For example, for 8.times.8 vertical prediction, samples C0-C7 are
now used, while DC prediction is the mean of C0-C7 and R0-R7.
Furthermore, all diagonal predictions need to also consider samples
C8-C15. A similar extension can be applied to the 32.times.32 intra
prediction mode.
[0036] The residual data is then downsampled and is coded using the
same transform and quantization process already available in H.264.
The same process is applied for both Luma and Chroma samples.
During decoding the residual data needs to be upsampled. The
downsampling process is done only in the encoder, and hence does
not need to be standardized. The upsampling process must be matched
in the encoder and the decoder, and so must be standardized.
Possible upsampling methods that could be used include, but are not
limited to, zero or first order hold or by considering a similar
strategy as in H.263. FIGS. 3A and 3B show diagrams for an
exemplary residual upsampling processes 300 and 350 for block
boundaries and for inner positions, respectively, in accordance
with the principles of the present invention. In FIG. 3a, the
upsampling process on block edges uses only samples inside the
block boundaries to compute the upsampled values. In FIG. 3b,
inside the interior of the block, all of the nearest neighbor
positions are available, so an interpolation based on relative
positioning of the sample, e.g. bilinear interpolation in two
dimensions, is used to compute the upsampled values.

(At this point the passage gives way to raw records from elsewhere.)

Lemma opnorm_set_emb_ratio M w :
  0 < sqnorm3 w -> opnorm_set (emb s t M) (sqrt (sqnorm3 (mv M w) / sqnorm3 w)).
Proof.
  intro Hw; set (c := sqrt (sqnorm3 w)).
  assert (Hc : c * c = sqnorm3 w) by (apply sqrt_sqrt; lra).
  assert (c_pos : 0 < c) by (apply sqrt_lt_R0; exact Hw).
  assert (Hscale : forall x, sqnorm3 (fun j => x j / c) = sqnorm3 x / sqnorm3 w)
    by (intro x; rewrite <- Hc; unfold sqnorm3, dot3, S3; field; lra).
  assert (Hmv : mv M (fun j => w j / c) = fun i => mv M w i / c)
    by (extensionality i; unfold mv, dot3, S3; field; lra).
  rewrite <- Hscale, <- Hmv.
  apply opnorm_set_emb_real; rewrite Hscale; unfold Rdiv; rewrite Rinv_r; lra.
Qed.

Lemma opnorm_emb_lub M : is_lub (opnorm_set (emb s t M)) (opnorm (emb s t M)).
Proof.
  unfold opnorm; apply epsilon_spec.
  destruct (completeness (opnorm_set (emb s t M))) as [m Hm]; [| | now exists m].
  - exists (sqrt (S3 (fun i => sqnorm3 (M i)))); intros r Hr.
    exact (opnorm_set_emb_le M _ r (sqnorm3_mv_le M) Hr).
  - exists (sqrt (sqnorm3 (mv M (fun _ => 0)))).
    apply opnorm_set_emb_real; unfold sqnorm3, dot3, S3; lra.
Qed.

Lemma opnorm_emb_le M K :
  (forall x, sqnorm3 (mv M x) <= K * sqnorm3 x) -> opnorm (emb s t M) <= sqrt K.
Proof. intro HK; apply opnorm_emb_lub; intros r; exact (opnorm_set_emb_le M K r HK). Qed.

Lemma opnorm_emb_ge M w :
  0 < sqnorm3 w -> sqrt (sqnorm3 (mv M w) / sqnorm3 w) <= opnorm (emb s t M).
Proof. intro Hw; apply opnorm_emb_lub, opnorm_set_emb_ratio, Hw. Qed.

End Embedding.

(** [X0 = 3 U] with [U] orthogonal. *)
Definition X0 (i j : idx3) : R :=
  match i, j with
  | i1, i1 | i2, i2 | i3, i3 => 1
  | i2, i3 | i3, i2 => -2
  | _, _ => 2
  end.

Definition Y0 (i j : idx3) : R := fst (F0 i j) * X0 i j.

Lemma F0_real i j : F0 i j = RtoC (fst (F0 i j)).
Proof. now destruct i, j. Qed.

Lemma sqnorm3_mv_X0 x : sqnorm3 (mv X0 x) = 9 * sqnorm3 x.
Proof. unfold sqnorm3, mv, dot3, S3, X0; ring. Qed.

Lemma opnorm_emb_X0 {I : Type} (s t : idx3 -> I) :
  Injective s -> Injective t -> opnorm (emb s t X0) = 3.
Proof.
  intros Hs Ht.
  assert (sqrt_9 : sqrt 9 = 3) by (replace 9 with (3 * 3) by ring; apply sqrt_square; lra).
  apply Rle_antisym.
  - rewrite <- sqrt_9; apply opnorm_emb_le; [assumption.. |].
    intro x; rewrite sqnorm3_mv_X0; apply Rle_refl.
  - set (e1 := fun j => match j with i1 => 1 | _ => 0 end).
    replace 3 with (sqrt (sqnorm3 (mv X0 e1) / sqnorm3 e1)).
    + apply opnorm_emb_ge; [assumption.. |]; unfold e1, sqnorm3, dot3, S3; lra.
    + rewrite <- sqrt_9; f_equal; unfold e1, sqnorm3, mv, dot3, S3, X0; field.
Qed.

Lemma opnorm_emb_Y0_ge {I : Type} (s t : idx3 -> I) :
  Injective s -> Injective t -> sqrt (2902 / 198) <= opnorm (emb s t Y0).
Proof.
  intros Hs Ht; set (w := fun j => match j with i1 => 10 | _ => 7 end).
  replace (2902 / 198) with (sqnorm3 (mv Y0 w) / sqnorm3 w).
  - apply opnorm_emb_ge; [assumption.. |]; unfold w, sqnorm3, dot3, S3; lra.
  - unfold w, sqnorm3, mv, dot3, S3, Y0, X0; simpl; field.
Qed.

Lemma sqrt26_div4_le : sqrt 26 / 4 <= sqrt (2902 / 198) / 3.
Proof.
  pose proof (sqrt_pos 26); pose proof (sqrt_pos (2902 / 198)).
  pose proof (sqrt_sqrt 26 ltac:(lra)); pose proof (sqrt_sqrt (2902 / 198) ltac:(lra)).
  nra.
Qed.

Lemma sqrt26_div4_gt : sqrt 26 / 4 > (1 + sqrt 2) / 2.
Proof.
  pose proof (sqrt_pos 26); pose proof (sqrt_pos 2).
  pose proof (sqrt_sqrt 26 ltac:(lra)); pose proof (sqrt_sqrt 2 ltac:(lra)).
  assert (sqrt 2 < 7 / 4) by nra.
  nra.
Qed.

Lemma schur_ratio_ge_of_F0_block {I : Type} (A : mat I) (s t : idx3 -> I) :
  Injective s -> Injective t -> (forall i j, A (s i) (t j) = F0 i j) ->
  exists r, schur_ratios A r /\ sqrt 26 / 4 <= r.
Proof.
  intros Hs Ht HA.
  exists (opnorm (emb s t Y0) / opnorm (emb s t X0)); split.
  - exists (emb s t X0); split; [apply finsupp_emb | split].
    + exists (s i1), (t i1); rewrite emb_at by assumption.
      unfold RtoC, C0, X0; intro E; injection E; lra.
    + rewrite (schur_emb s t Hs Ht A (fun i j => fst (F0 i j))); [reflexivity |].
      intros i j; rewrite HA; apply F0_real.
  - rewrite opnorm_emb_X0 by assumption.
    pose proof (opnorm_emb_Y0_ge s t Hs Ht); pose proof sqrt26_div4_le.
    unfold Rdiv in *; lra.
Qed.

Theorem mainTheorem3 :
  schur_norm_ge F0 (sqrt 26 / 4) /\
  sqrt 26 / 4 > (1 + sqrt 2) / 2 /\
  (forall (I : Type) (A : mat I) (s t : idx3 -> I),
     (forall i j, s i = s j -> i = j) ->
     (forall i j, t i = t j -> i = j) ->
     (forall i j, A (s i) (t j) = F0 i j) ->
     schur_norm_gt A ((1 + sqrt 2) / 2)).
Proof.
  split; [| split; [exact sqrt26_div4_gt |]].
  - intros u Hu.
    destruct (schur_ratio_ge_of_F0_block F0 (fun i => i) (fun i => i)) as (r & Hr & Hle);
      [now intros ?? | now intros ?? | reflexivity |].
    apply (Rle_trans _ r); [exact Hle | exact (Hu r Hr)].
  - intros I A s t Hs Ht HA Hbound.
    destruct (schur_ratio_ge_of_F0_block A s t Hs Ht HA) as (r & Hr & Hle).
    pose proof (Hbound r Hr); pose proof sqrt26_div4_gt; lra.
Qed.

[0037] H.264 also considers an in-loop deblocking filter, applied
to 4.times.4 block edges. Since currently the prediction process is
now applied to block sizes of 8.times.8 and above, this process is
also modified to consider 8.times.8 block edges instead. However,
it is to be appreciated that, given the teachings of the present
invention provided herein, one of ordinary skill in the related art
will contemplate these and other sizes for block edges employed in
accordance with the principles of the present invention, while
maintaining the spirit of the present invention.
[0038] Different slices in the same picture may have different
values of reduced_resolution_update, rru_width_scale and
rru_height_scale. Since the in-loop deblocking filter is applied
across slice boundaries, blocks on either side of the slice
boundary may have been coded at different resolutions. In this
case, for the deblocking filter parameters computation, the
following is to be considered: the largest Quantization Parameter
(QP) value among the two neighboring 4.times.4 normal blocks on a
given 8.times.8 edge, while the strength of the deblocking is now
based on the total number of non-zero coefficients of the two
blocks.
[0039] To support Flexible Macroblock Ordering (FMO) as indicated
by num_slice_groups_minus1 greater than 0 in the picture parameter
sets, with Reduced Resolution Update mode, it is also necessary to
transmit in the picture parameter set an additional parameter named
reduced_resolution_update_enable. Table 10 presents H.264 picture
parameter syntax with consideration of Reduced Resolution Update
(RRU), in accordance with the principles of the present invention.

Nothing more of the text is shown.